Proposta busca reduzir o abandono de tratamentos e aproximar o acesso aos medicamentos da realidade de pacientes que enfrentam dificuldades para chegar às unidades de saúde.
Para quem depende de medicamento de uso contínuo, ficar sem o remédio não é apenas um transtorno: pode significar a interrupção de um tratamento e o agravamento de uma situação que já exige acompanhamento.
É nesse ponto que o candidato a deputado distrital Luis Miranda, 35.555, apresenta uma de suas principais propostas na área social e de saúde: o programa “Remédio na Mão”.
A ideia defendida em seu material de campanha é objetiva: receita sem medicamento representa abandono, e o poder público precisa criar mecanismos para garantir que o remédio essencial chegue a quem realmente necessita.
Da receita ao medicamento
A proposta parte de um problema conhecido por usuários da rede pública: o cidadão consegue atendimento médico, recebe a prescrição, mas pode encontrar dificuldades para obter o medicamento posteriormente.
Na visão apresentada por Luis Miranda, o atendimento não deveria terminar na emissão da receita.
O objetivo seria estruturar um modelo em que medicamentos essenciais pudessem ser retirados em farmácias credenciadas ou entregues diretamente na residência do paciente, com prazo de até 24 horas para quem se enquadrar nos critérios do programa.
Tecnologia para diminuir a distância
Um dos caminhos possíveis para uma política desse tipo seria integrar prescrição, estoque, dispensação e logística em uma plataforma única.

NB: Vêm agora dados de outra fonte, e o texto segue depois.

(* Let $H_0,H_1$ be complex Hilbert spaces, $G$ a densely defined closed operator from $H_0$ into $H_1$ and $D$ a densely defined closed operator from $H_1$ into $H_0$ with $-G^*\subset D$. Let $H$ be a Hilbert space and $\kappa\in\mathcal L(\mathrm{BD}(G),H)$ injective with dense range. Let $a\in\mathcal L(H_1)$ and $m\in\mathcal L(H_0)$ be coercive. Define $\mathfrak b\colon\mathrm{dom}(G)\times\mathrm{dom}(G)\to\mathbb C$ by $\mathfrak b(u,v)=(aGu,Gv)_{H_1}+(mu,v)_{H_0}$ and $j\colon\mathrm{dom}(G)\to H$ by $j=\kappa\circ\pi_{\mathrm{BD}(G)}$. Then $\mathfrak b$ is coercive and continuous on $\mathrm{dom}(G)$, and the Dirichlet-to-Neumann operator $\Lambda_H$ in $H$ associated with $-DaG+m$ equals the operator associated with $(\mathfrak b,j)$.
   Context: $\mathring D=-G^*$, $\mathring G=-D^*$. Domains carry graph inner products. $\mathrm{BD}(G)$ (resp. $\mathrm{BD}(D)$) is the orthogonal complement of $\mathrm{dom}(\mathring G)$ in $\mathrm{dom}(G)$ (resp. of $\mathrm{dom}(\mathring D)$ in $\mathrm{dom}(D)$) with induced inner products; $\pi_{\mathrm{BD}(G)},\pi_{\mathrm{BD}(D)}$ are the orthogonal projections. $G$ maps $\mathrm{BD}(G)$ into $\mathrm{BD}(D)$. Coercive operator: $\mathrm{Re}(Mx,x)\ge\mu\|x\|^2$ for some $\mu>0$; a form $\mathfrak b$ on a Hilbert space $V$ is coercive if $\mathrm{Re}\,\mathfrak b(v,v)\ge\mu\|v\|_V^2$ for some $\mu>0$. For coercive $a,m$ and $u_0\in\mathrm{BD}(G)$ there is a unique $u\in\mathrm{dom}(G)$ with $aGu\in\mathrm{dom}(D)$, $mu-DaGu=0$, $u-u_0\in\mathrm{dom}(\mathring G)$; set $\Lambda u_0=\pi_{\mathrm{BD}(D)}(aGu)$. $\Lambda_H$: $\varphi\in\mathrm{dom}(\Lambda_H)$, $\Lambda_H\varphi=\psi$ iff there exists $u_0\in\mathrm{BD}(G)$ with $\kappa(u_0)=\varphi$ and $\Lambda u_0=G\kappa^*\psi$ ($\kappa^*\colon H\to\mathrm{BD}(G)$ the adjoint). The operator $A$ associated with $(\mathfrak b,j)$: for $x,f\in H$, $x\in\mathrm{dom}(A)$ and $Ax=f$ iff there exists $u\in\mathrm{dom}(G)$ with $j(u)=x$ and $\mathfrak b(u,v)=(f,j(v))_H$ for all $v\in\mathrm{dom}(G)$. *)

From mathcomp Require Import all_boot all_algebra.
From mathcomp Require Import reals.
From mathcomp.real_closed Require Import complex.
From Stdlib Require Import ClassicalEpsilon.
Set Implicit Arguments. Unset Strict Implicit. Unset Printing Implicit Defensive.
Import GRing.Theory Num.Theory.
Local Open Scope ring_scope.

Section Hilbert.
Variable R : realType.
Notation C := (R[i]).

Record hilbert (V : lmodType C) := Hilbert {
  ip : V -> V -> C;
  ip_linl : forall (c : C) x y z, ip (c *: x + y) z = c * ip x z + ip y z;
  ip_sym : forall x y, ip y x = (ip x y)^*;
  ip_pos : forall x, x != 0 -> 0 < ip x x;
  ip_complete : forall u : nat -> V,
    (forall e : C, 0 < e -> exists N, forall n k, (N <= n)%N -> (N <= k)%N ->
        sqrtC (ip (u n - u k) (u n - u k)) < e) ->
    exists l, forall e : C, 0 < e -> exists N, forall n, (N <= n)%N ->
        sqrtC (ip (u n - l) (u n - l)) < e }.

Definition hnorm (V : lmodType C) (h : hilbert V) (x : V) : C :=
  sqrtC (ip h x x).

Definition hconv (V : lmodType C) (h : hilbert V) (u : nat -> V) (l : V) :=
  forall e : C, 0 < e -> exists N, forall n, (N <= n)%N -> hnorm h (u n - l) < e.

Definition subspace (V : lmodType C) (P : V -> Prop) :=
  P 0 /\ forall (c : C) x y, P x -> P y -> P (c *: x + y).

Definition linear_on (V W : lmodType C) (P : V -> Prop) (f : V -> W) :=
  forall (c : C) x y, P x -> P y -> f (c *: x + y) = c *: f x + f y.

Definition dense (V : lmodType C) (h : hilbert V) (P : V -> Prop) :=
  forall x (e : C), 0 < e -> exists y, P y /\ hnorm h (x - y) < e.

Definition densely_defined (V W : lmodType C) (hV : hilbert V)
    (dom : V -> Prop) (f : V -> W) :=
  subspace dom /\ linear_on dom f /\ dense hV dom.

Definition closed_op (V W : lmodType C) (hV : hilbert V) (hW : hilbert W)
    (dom : V -> Prop) (f : V -> W) :=
  forall (u : nat -> V) x y, (forall n, dom (u n)) ->
    hconv hV u x -> hconv hW (fun n => f (u n)) y -> dom x /\ f x = y.

Definition adj_graph (V W : lmodType C) (hV : hilbert V) (hW : hilbert W)
    (dom : V -> Prop) (f : V -> W) (y : W) (z : V) :=
  forall x, dom x -> ip hW (f x) y = ip hV x z.

Definition adj_dom (V W : lmodType C) (hV : hilbert V) (hW : hilbert W)
    (dom : V -> Prop) (f : V -> W) (y : W) :=
  exists z, adj_graph hV hW dom f y z.

Definition minus_adj_sub (V W : lmodType C) (hV : hilbert V) (hW : hilbert W)
    (domG : V -> Prop) (G : V -> W) (domD : W -> Prop) (D : W -> V) :=
  forall y z, adj_graph hV hW domG G y z -> domD y /\ D y = - z.

Definition graph_ip (V W : lmodType C) (hV : hilbert V) (hW : hilbert W)
    (f : V -> W) (x y : V) : C :=
  ip hV x y + ip hW (f x) (f y).

Definition graph_norm (V W : lmodType C) (hV : hilbert V) (hW : hilbert W)
    (f : V -> W) (x : V) : C :=
  sqrtC (graph_ip hV hW f x x).

(* BD(f) : orthogonal complement of dom(fcirc) in dom(f) (graph inner product);
   here dom(fcirc) is passed as a predicate *)
Definition BD (V W : lmodType C) (hV : hilbert V) (hW : hilbert W)
    (dom : V -> Prop) (f : V -> W) (domcirc : V -> Prop) (u : V) :=
  dom u /\ forall w, domcirc w -> graph_ip hV hW f u w = 0.

Definition is_BDproj (V W : lmodType C) (hV : hilbert V) (hW : hilbert W)
    (dom : V -> Prop) (f : V -> W) (domcirc : V -> Prop) (u p : V) :=
  BD hV hW dom f domcirc p /\
  forall b, BD hV hW dom f domcirc b -> graph_ip hV hW f (u - p) b = 0.

Definition BDproj (V W : lmodType C) (hV : hilbert V) (hW : hilbert W)
    (dom : V -> Prop) (f : V -> W) (domcirc : V -> Prop) (u : V) : V :=
  epsilon (inhabits 0) (is_BDproj hV hW dom f domcirc u).

Definition bounded_op (V W : lmodType C) (hV : hilbert V) (hW : hilbert W)
    (f : V -> W) :=
  exists c : C, forall x, hnorm hW (f x) <= c * hnorm hV x.

Definition coercive_op (V : lmodType C) (hV : hilbert V) (f : V -> V) :=
  exists mu : C, 0 < mu /\ forall x, mu * hnorm hV x ^+ 2 <= 'Re (ip hV (f x) x).


Definition coercive_form (V W : lmodType C) (hV : hilbert V) (hW : hilbert W)
    (dom : V -> Prop) (f : V -> W) (b : V -> V -> C) :=
  exists mu : C, 0 < mu /\
    forall v, dom v -> mu * graph_norm hV hW f v ^+ 2 <= 'Re (b v v).

Definition continuous_form (V W : lmodType C) (hV : hilbert V) (hW : hilbert W)
    (dom : V -> Prop) (f : V -> W) (b : V -> V -> C) :=
  exists c : C, forall u v, dom u -> dom v ->
    `|b u v| <= c * graph_norm hV hW f u * graph_norm hV hW f v.

(* operator A in H associated with (b, j) on dom(G): A x = y *)
Definition assoc_op (V K : lmodType C) (hK : hilbert K) (dom : V -> Prop)
    (b : V -> V -> C) (j : V -> K) (x y : K) :=
  exists u, dom u /\ j u = x /\ forall v, dom v -> b u v = ip hK y (j v).

End Hilbert.

Section DtN.
Variable R : realType.
Notation C := (R[i]).
Variables (H0 H1 H : lmodType C) (h0 : hilbert H0) (h1 : hilbert H1)
  (hH : hilbert H) (domG : H0 -> Prop) (G : H0 -> H1)
  (domD : H1 -> Prop) (D : H1 -> H0).

(* dom(Gcirc) = dom(-D^* ) = dom(D^* ),  dom(Dcirc) = dom(-G^* ) = dom(G^* ) *)
Definition domGcirc : H0 -> Prop := adj_dom h1 h0 domD D.
Definition domDcirc : H1 -> Prop := adj_dom h0 h1 domG G.
Definition BDG : H0 -> Prop := BD h0 h1 domG G domGcirc.
Definition BDD : H1 -> Prop := BD h1 h0 domD D domDcirc.
Definition piBDG : H0 -> H0 := BDproj h0 h1 domG G domGcirc.
Definition piBDD : H1 -> H1 := BDproj h1 h0 domD D domDcirc.

Definition kappa_star (kappa : H0 -> H) (psi : H) : H0 :=
  epsilon (inhabits 0) (fun w => BDG w /\
    forall u, BDG u -> ip hH (kappa u) psi = graph_ip h0 h1 G u w).

(* Lambda u0 = g  (Lambda : BD(G) -> BD(D)) *)
Definition Lambda_rel (a : H1 -> H1) (m : H0 -> H0) (u0 : H0) (g : H1) :=
  exists u, domG u /\ domD (a (G u)) /\ m u - D (a (G u)) = 0 /\
    domGcirc (u - u0) /\ piBDD (a (G u)) = g.

Definition DtN_H (kappa : H0 -> H) (a : H1 -> H1) (m : H0 -> H0) (phi psi : H) :=
  exists u0, BDG u0 /\ kappa u0 = phi /\
    Lambda_rel a m u0 (G (kappa_star kappa psi)).

Definition form_b (a : H1 -> H1) (m : H0 -> H0) (u v : H0) : C :=
  ip h1 (a (G u)) (G v) + ip h0 (m u) v.

Definition map_j (kappa : H0 -> H) (u : H0) : H := kappa (piBDG u).

End DtN.

(* The form part is Cauchy-Schwarz in the graph norm of G.  For the operator
   part the key fact is an abstract Green formula: for w in dom D and v in dom G,
     (w, G v) + (D w, v) = (pi_BD(D) w, G pi_BD(G) v)   (graph inner product of D),
   which follows from the orthogonal decomposition dom G = dom G° (+) BD(G) and
   the fact that G maps BD(G) isometrically onto BD(D), with inverse D.  Since
   kappa^* is characterised by (psi, kappa pi_BD(G) v)_H = (G kappa^* psi, G pi_BD(G) v)
   in the same graph inner product, the variational equation b(u, v) = (psi, j v)
   for all v in dom G says exactly that pi_BD(D) (a G u) = G kappa^* psi, once
   m u = D a G u has been read off from the test functions in dom G°, on which j
   vanishes.  The projections and kappa^* all come from the Riesz representation
   theorem for a semi-inner product on a complete subspace, proved by minimising
   the energy |x|^2 / 2 - Re l(x). *)

From mathcomp Require Import all_boot all_order all_algebra.
From mathcomp Require Import classical_sets reals.
From mathcomp.real_closed Require Import complex.
From Stdlib Require Import ClassicalEpsilon.
From mathcomp Require Import ring lra.
Set Implicit Arguments. Unset Strict Implicit. Unset Printing Implicit Defensive.
Import Order.TTheory GRing.Theory Num.Theory.
Local Open Scope ring_scope.

Section ComplexFacts.
Variable R : realType.
Local Notation C := R[i].
Local Notation cRe := (@complex.Re R).
Local Notation cIm := (@complex.Im R).

Lemma complex_ext (x y : C) : cRe x = cRe y -> cIm x = cIm y -> x = y.
Proof. by case: x => a b; case: y => c d /= -> ->. Qed.

Lemma cReD (x y : C) : cRe (x + y) = cRe x + cRe y. Proof. by case: x; case: y. Qed.
Lemma cImD (x y : C) : cIm (x + y) = cIm x + cIm y. Proof. by case: x; case: y. Qed.
Lemma cReJ (z : C) : cRe z^* = cRe z. Proof. by case: z. Qed.

Lemma cReMR (s : R) (z : C) : cRe (s%:C%C * z) = s * cRe z.
Proof. by case: z => a b /=; rewrite mul0r subr0. Qed.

Na prática, o sistema poderia permitir que, após a validação da receita e da disponibilidade do medicamento, o paciente fosse informado sobre onde retirar o produto ou recebesse a medicação em casa.
Isso exigiria integração entre unidades de saúde, farmácias públicas e credenciadas, sistemas de informação e uma estrutura logística capaz de identificar situações prioritárias.

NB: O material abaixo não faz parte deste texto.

(* Let $(L_*,b)$ and $(M_*,b)$ be chain complexes, $i:(L_*,b)\to(M_*,b)$ and $p:(M_*,b)\to(L_*,b)$ chain maps, and $h$ a map of degree $+1$ on $M_*$ with $ip=1+bh+hb$. Let $\delta$ be a small perturbation, put $A=(1-\delta h)^{-1}\delta$, and define $$i_\infty=i+hAi,\quad p_\infty=p+pAh,\quad h_\infty=h+hAh,\quad b_\infty=b+pAi.$$ Let $h'=p h_\infty i$ and $h''=p_\infty h i_\infty$. Then $$pi-1=bh'+h'b-(p i_\infty-1)(p_\infty i-1)$$ and $$p_\infty i_\infty-1=b_\infty h''+h''b_\infty-(p_\infty i-1)(p i_\infty-1).$$
   Context: Complexes are chain complexes of modules over a ring, with differentials of degree $-1$. A perturbation $\delta$ is a graded map $M_*\to M_*$ of the same degree as $b$ such that $(b+\delta)^2=0$. It is called small if $1-\delta h$ is invertible. It is known (homological perturbation lemma, HR version) that for a small perturbation, $(L_*,b_\infty)$ is a complex and that $i_\infty:(L_*,b_\infty)\to(M_*,b+\delta)$ and $p_\infty:(M_*,b+\delta)\to(L_*,b_\infty)$ are chain maps. *)

From HB Require Import structures.
From mathcomp Require Import all_boot all_order all_algebra.
Set Implicit Arguments. Unset Strict Implicit. Unset Printing Implicit Defensive.
Import GRing.Theory.
Local Open Scope ring_scope.

(* A Z-graded module M = (+)_{n in Z} M_n over a ring R, presented by its
   total module together with the family of projections onto the homogeneous
   components M_n (orthogonal idempotents, every element being the finite sum
   of its components). *)
Record graded (R : pzRingType) (M : lmodType R) := Graded {
  gproj : int -> {linear M -> M};
  gproj_orth : forall n m (x : M),
    gproj n (gproj m x) = if n == m then gproj n x else 0;
  gproj_fin : forall x : M, exists s : seq int,
    uniq s /\ x = \sum_(n <- s) gproj n x /\
    (forall n, n \notin s -> gproj n x = 0)
}.

Definition graded_map (R : pzRingType) (M N : lmodType R)
  (gM : graded M) (gN : graded N) (d : int) (f : M -> N) : Prop :=
  forall (n : int) (x : M), f (gproj gM n x) = gproj gN (n + d) (f x).

(* All that is used of A is
   (1 - delta h) A = delta = A (1 - h delta), and (b + delta)^2 = 0 then gives
   b A + A b + A i p A = 0.  From these, i_inf and p_inf are chain maps for
   b_inf and b + delta, and h_inf is a homotopy between i_inf p_inf and 1 for
   b + delta.  Both identities are instances of one computation: if i, p are
   chain maps, k is a homotopy between i' p' and 1 for a differential b + d,
   p d k i = p' i - p i and p k d i = p i' - p i, then
   p i - 1 = b K + K b - (p i' - 1)(p' i - 1) with K = p k i.  The first
   identity takes (i', p', k, d) = (i_inf, p_inf, h_inf, delta); the second
   applies it to the perturbed complexes with (i, p) and (i_inf, p_inf)
   exchanged and (k, d) = (h, - delta). *)

From HB Require Import structures.
From mathcomp Require Import all_boot all_order all_algebra.
Import GRing.Theory.
Set Implicit Arguments.
Unset Strict Implicit.
Unset Printing Implicit Defensive.
Local Open Scope ring_scope.

Inductive zmod_term :=
  | ZVar of nat | ZZero | ZAdd of zmod_term & zmod_term | ZOpp of zmod_term.

Fixpoint zmod_eval (V : zmodType) (env : seq V) (t : zmod_term) : V :=
  match t with
  | ZVar n => env`_n
  | ZZero => 0
  | ZAdd t1 t2 => zmod_eval env t1 + zmod_eval env t2
  | ZOpp t1 => - zmod_eval env t1
  end.

Fixpoint zmod_coef (t : zmod_term) (k : nat) : int :=
  match t with
  | ZVar n => (n == k)%:Z
  | ZZero => 0
  | ZAdd t1 t2 => zmod_coef t1 k + zmod_coef t2 k
  | ZOpp t1 => - zmod_coef t1 k
  end.

Lemma zmod_eval_coef (V : zmodType) (env : seq V) t :
  zmod_eval env t = \sum_(k < size env) env`_k *~ zmod_coef t k.
Proof.
elim: t => [n||t1 IH1 t2 IH2|t1 IH1] /=.
- have [n_lt|n_ge] := ltnP n (size env); last first.
    rewrite nth_default // big1 // => k _.
    case: eqP => [n_k|]; last by rewrite mulr0z.
    by have := ltn_ord k; rewrite -n_k ltnNge n_ge.
  rewrite (bigD1 (Ordinal n_lt)) //= eqxx mulr1z big1 ?addr0 // => k.
  by rewrite -val_eqE eq_sym => /negbTE /= ->; rewrite mulr0z.
- by rewrite big1 // => k _; rewrite mulr0z.
- by rewrite IH1 IH2 -big_split; apply: eq_bigr => k _; rewrite mulrzDr.
- by rewrite IH1 -sumrN; apply: eq_bigr => k _; rewrite mulrNz.
Qed.

Lemma zmod_eval_eq (V : zmodType) (env : seq V) t1 t2 :
  all (fun k => zmod_coef t1 k == zmod_coef t2 k) (iota 0 (size env)) ->
  zmod_eval env t1 = zmod_eval env t2.
Proof.
move=> /allP coefE; rewrite !zmod_eval_coef; apply: eq_bigr => k _.
by rewrite (eqP (coefE k _)) // mem_iota /=.
Qed.

(* Atoms are identified up to conversion, so differently elaborated copies of
   the same application (e.g. through [{linear}] and [{additive}] coercions)
   count as one atom. *)
Ltac zmod_index x env :=
  lazymatch env with
  | ?y :: ?env' =>
      match constr:(tt) with
      | _ => let _ := match goal with _ => unify x y end in
             let n := eval compute in (size env') in constr:(n)
      | _ => zmod_index x env'
      end
  end.

Ltac zmod_reify x env :=
  lazymatch x with
  | GRing.add ?x1 ?x2 =>
      lazymatch zmod_reify x1 env with (?t1, ?env1) =>
      lazymatch zmod_reify x2 env1 with (?t2, ?env2) =>
        constr:((ZAdd t1 t2, env2)) end end
  | GRing.opp ?x1 =>
      lazymatch zmod_reify x1 env with (?t1, ?env1) =>
        constr:((ZOpp t1, env1)) end
  | GRing.zero => constr:((ZZero, env))
  | _ =>
      match constr:(tt) with
      | _ => let n := zmod_index x env in constr:((ZVar n, env))
      | _ => let n := eval compute in (size env) in constr:((ZVar n, x :: env))
      end
  end.

Ltac abel :=
  lazymatch goal with
  | |- @eq ?V ?l ?r =>
      lazymatch zmod_reify l (@nil V) with (?tl, ?env1) =>
      lazymatch zmod_reify r env1 with (?tr, ?env2) =>
        let env := eval cbv [rev catrev] in (rev env2) in
        change (zmod_eval env tl = zmod_eval env tr);
        apply: zmod_eval_eq; vm_compute; reflexivity
      end end
  end.

Lemma homotopy_defect (L M : zmodType) (bL : L -> L) (bM d k : M -> M)
    (i i' : {additive L -> M}) (p : {additive M -> L}) (p' : M -> L) :
  (forall x, bM (i x) = i (bL x)) -> (forall y, bL (p y) = p (bM y)) ->
  (forall y, bM (k y) + k (bM y) + (d (k y) + k (d y)) = i' (p' y) - y) ->
  (forall x, p (d (k (i x))) = p' (i x) - p (i x)) ->
  (forall x, p (k (d (i x))) = p (i' x) - p (i x)) ->
  forall x, p (i x) - x
    = bL (p (k (i x))) + p (k (i (bL x)))
      - (p (i' (p' (i x) - x)) - (p' (i x) - x)).
Proof.
move=> i_chain p_chain k_homotopy dk_eq kd_eq x.
rewrite p_chain -i_chain -raddfD (canRL (addrK _) (k_homotopy _)).
by rewrite (raddfB i') !(raddfB p) raddfD dk_eq kd_eq; abel.
Qed.

Section Perturbation.

Variables (L M : zmodType) (bL : {additive L -> L}).
Variables (b h delta A : {additive M -> M}).
Variables (i : {additive L -> M}) (p : {additive M -> L}).

Hypothesis i_chain : forall x, b (i x) = i (bL x).
Hypothesis p_chain : forall y, bL (p y) = p (b y).
Hypothesis ip_homotopy : forall y, i (p y) = y + b (h y) + h (b y).
Hypothesis delta_perturbation :
  forall y, b (delta y) + delta (b y) + delta (delta y) = 0.
(* [A] stands for (1 - delta h)^-1 delta = delta (1 - h delta)^-1. *)
Hypothesis A_left : forall y, A y = delta y + delta (h (A y)).
Hypothesis A_right : forall y, A y = delta y + A (h (delta y)).

Definition i_inf : {additive L -> M} := i \+ (h \o A \o i).
Definition p_inf : {additive M -> L} := p \+ (p \o A \o h).
Definition h_inf : {additive M -> M} := h \+ (h \o A \o h).
Definition b_inf : {additive L -> L} := bL \+ (p \o A \o i).

Lemma delta_h_fixed z : z = delta (h z) -> z = 0.
Proof.
move=> zE; rewrite zE; apply/eqP.
(* A_right at [h z] reads [A (h z) = z + A (h z)]. *)
by have /eqP := A_right (h z); rewrite -zE -subr_eq subrr eq_sym.
Qed.

Lemma bA_Ab y : b (A y) + A (b y) + A (i (p (A y))) = 0.
Proof.
set a := A y; apply: delta_h_fixed; apply/eqP; rewrite -subr_eq0; apply/eqP.
have -> : b a + A (b y) + A (i (p a)) - delta (h (b a + A (b y) + A (i (p a))))
    = b a + delta (b y) + delta a + delta (b (h a)).
  by rewrite {1}[A (b y)]A_left {1}[A (i _)]A_left ip_homotopy !raddfD /=; abel.
have -> : b a + delta (b y) + delta a + delta (b (h a))
    = (b (delta y) + delta (b y) + delta (delta y))
      + (b (delta (h a)) + delta (b (h a)) + delta (delta (h a))).
  by rewrite {1 2}/a A_left !raddfD; abel.
by rewrite !delta_perturbation addr0.
Qed.

Lemma AbE y : A (b y) = - b (A y) - A (i (p (A y))).
Proof. by rewrite -[LHS]subr0 -(bA_Ab y); abel. Qed.

Lemma bhE y : b (h y) = i (p y) - y - h (b y).
Proof. by rewrite ip_homotopy; abel. Qed.

Lemma hbE y : h (b y) = i (p y) - y - b (h y).
Proof. by rewrite ip_homotopy; abel. Qed.

Lemma delta_i_inf x : delta (i_inf x) = A (i x).
Proof. by rewrite /= raddfD -A_left. Qed.

Lemma delta_h_inf y : delta (h_inf y) = A (h y).
Proof. by rewrite /= raddfD -A_left. Qed.

Lemma h_inf_delta y : h_inf (delta y) = h (A y).
Proof. by rewrite /= -raddfD -A_right. Qed.

Lemma p_inf_delta y : p_inf (delta y) = p (A y).
Proof. by rewrite /= -raddfD -A_right. Qed.

Lemma i_inf_chain x : b (i_inf x) + delta (i_inf x) = i_inf (b_inf x).
Proof.
rewrite delta_i_inf /= !raddfD -i_chain AbE [b (h _)]bhE.
by rewrite raddfB raddfN /=; abel.
Qed.

Lemma p_inf_chain y : b_inf (p_inf y) = p_inf (b y + delta y).
Proof.
rewrite raddfD p_inf_delta /= !raddfD !p_chain [i (p y)]ip_homotopy.
rewrite !raddfD AbE.
by rewrite raddfB raddfN /=; abel.
Qed.

Lemma h_inf_homotopy y :
  b (h_inf y) + h_inf (b y) + (delta (h_inf y) + h_inf (delta y))
  = i_inf (p_inf y) - y.
Proof.
rewrite delta_h_inf h_inf_delta /= !raddfD [b (h (A _))]bhE [h (b y)]hbE.
by rewrite !raddfB AbE raddfB raddfN /=; abel.
Qed.

Lemma pi_defect x :
  p (i x) - x
  = bL (p (h_inf (i x))) + p (h_inf (i (bL x)))
    - (p (i_inf (p_inf (i x) - x)) - (p_inf (i x) - x)).
Proof.
apply: (homotopy_defect i_chain p_chain h_inf_homotopy) => {}x.
  by rewrite delta_h_inf /=; abel.
by rewrite h_inf_delta /= raddfD; abel.
Qed.

(* (M, b + delta) perturbed by [- delta] is (M, b), with homotopy [h]. *)
Lemma pi_inf_defect x :
  p_inf (i_inf x) - x
  = b_inf (p_inf (h (i_inf x))) + p_inf (h (i_inf (b_inf x)))
    - (p_inf (i (p (i_inf x) - x)) - (p (i_inf x) - x)).
Proof.
apply: (homotopy_defect (d := \- delta) i_inf_chain p_inf_chain) => {}x.
- by rewrite /= raddfD raddfN ip_homotopy; abel.
- by rewrite raddfN p_inf_delta /=; abel.
- by rewrite !raddfN delta_i_inf /= !raddfD /=; abel.
Qed.

End Perturbation.

Theorem lemma1p9 (R : pzRingType) (L M : lmodType R)
  (gL : graded L) (gM : graded M)
  (bL : {linear L -> L}) (bM : {linear M -> M})
  (i : {linear L -> M}) (p : {linear M -> L}) (h : {linear M -> M})
  (delta : {linear M -> M}) (u : M -> M)
  (* (L_*, b) and (M_*, b) are chain complexes (differentials of degree -1) *)
  (hbL_deg : graded_map gL gL (-1) bL) (hbL2 : forall x, bL (bL x) = 0)
  (hbM_deg : graded_map gM gM (-1) bM) (hbM2 : forall x, bM (bM x) = 0)
  (* i and p are chain maps *)
  (hi_deg : graded_map gL gM 0 i) (hi_chain : forall x, bM (i x) = i (bL x))
  (hp_deg : graded_map gM gL 0 p) (hp_chain : forall x, bL (p x) = p (bM x))
  (* h has degree +1 and ip = 1 + bh + hb *)
  (hh_deg : graded_map gM gM 1 h)
  (hiph : forall x, i (p x) = x + bM (h x) + h (bM x))
  (* delta is a perturbation: same degree as b, (b + delta)^2 = 0 *)
  (hdelta_deg : graded_map gM gM (-1) delta)
  (hdelta2 : forall x, (bM (bM x + delta x)) + delta (bM x + delta x) = 0)
  (* delta is small: u is a two-sided inverse of 1 - delta h *)
  (hu_l : forall x, u (x - delta (h x)) = x)
  (hu_r : forall x, u x - delta (h (u x)) = x) :
  let A := fun x => u (delta x) in
  let i_inf := fun x => i x + h (A (i x)) in
  let p_inf := fun x => p x + p (A (h x)) in
  let h_inf := fun x => h x + h (A (h x)) in
  let b_inf := fun x => bL x + p (A (i x)) in
  let h' := fun x => p (h_inf (i x)) in
  let h'' := fun x => p_inf (h (i_inf x)) in
  (forall x : L,
     p (i x) - x
     = bL (h' x) + h' (bL x)
       - (p (i_inf (p_inf (i x) - x)) - (p_inf (i x) - x))) /\
  (forall x : L,
     p_inf (i_inf x) - x
     = b_inf (h'' x) + h'' (b_inf x)
       - (p_inf (i (p (i_inf x) - x)) - (p (i_inf x) - x))).
Proof.
move=> A i_inf p_inf h_inf b_inf h' h''.
have u_zmod : zmod_morphism u :=
  can2_zmod_morphism (f := idfun \- (delta \o h)) hu_l hu_r.
pose U : {additive M -> M} :=
  HB.pack u (GRing.isZmodMorphism.Build M M u u_zmod).
have delta_perturbation y : bM (delta y) + delta (bM y) + delta (delta y) = 0.
  by rewrite -(hdelta2 y) !linearD hbM2 add0r addrA.
have A_left y : (U \o delta) y = delta y + delta (h ((U \o delta) y)).
  by apply/eqP; rewrite -subr_eq hu_r.
have A_right y : (U \o delta) y = delta y + (U \o delta) (h (delta y)).
  by apply/eqP; rewrite /= -subr_eq -u_zmod hu_l.
split=> x.
  exact: (pi_defect hi_chain hp_chain hiph delta_perturbation A_left A_right).
exact: (pi_inf_defect hi_chain hp_chain hiph delta_perturbation A_left A_right).
Qed.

Quem mais precisa primeiro
A proposta também abre espaço para uma discussão importante: nem todos os pacientes enfrentam as mesmas dificuldades para acessar um medicamento.
Idosos, pessoas com mobilidade reduzida, pacientes que vivem sozinhos ou moradores de regiões mais distantes dos pontos de atendimento podem enfrentar obstáculos adicionais.
Por isso, um eventual programa precisaria estabelecer critérios objetivos de prioridade, evitando desperdícios, duplicidade de entrega e utilização inadequada dos recursos públicos.
Medicamento não pode virar obstáculo ao tratamento
O conceito defendido por Luis Miranda é resumido na própria mensagem da campanha:
“Receita sem remédio é abandono.”
A frase traduz uma crítica à lógica de considerar concluído o atendimento simplesmente porque o paciente recebeu uma prescrição.
Para quem depende de medicamentos essenciais, o resultado concreto está na continuidade do tratamento.
Nesse sentido, a proposta coloca o cidadão no centro de uma cadeia que começa na consulta médica e termina no acesso efetivo ao medicamento.
Eficiência, controle e responsabilidade
Para que uma política de entrega em até 24 horas seja sustentável, entretanto, será necessário enfrentar questões técnicas como estoque, armazenamento, validade, transporte, rastreabilidade, segurança dos medicamentos, custos logísticos e controle de dispensação.
Também seria fundamental estabelecer mecanismos de fiscalização e indicadores capazes de responder a perguntas objetivas:
Quantas pessoas foram atendidas? Quantas receberam o medicamento no prazo? Quanto foi gasto? Houve desperdício? Quais medicamentos apresentaram maior demanda?
A tecnologia pode ajudar a transformar essas informações em indicadores permanentes de desempenho.
Uma proposta com impacto direto na população
O diferencial da bandeira apresentada por Luis Miranda está na tentativa de transformar uma dificuldade cotidiana em uma política pública mensurável.
A proposta não fala apenas em ampliar o acesso à saúde, mas em criar uma solução concreta para um dos momentos mais sensíveis do tratamento: quando o paciente precisa do medicamento e não pode esperar indefinidamente para consegui-lo.
Se implementado, o modelo precisaria combinar gestão, logística, tecnologia, orçamento e fiscalização.
Mas a mensagem política é simples e popular:
Quem precisa de remédio não pode esperar.
Com o “Remédio na Mão”, Luis Miranda coloca o acesso aos medicamentos entre as pautas de sua candidatura e defende uma mudança de lógica: a saúde pública precisa acompanhar o paciente até o medicamento chegar às suas mãos.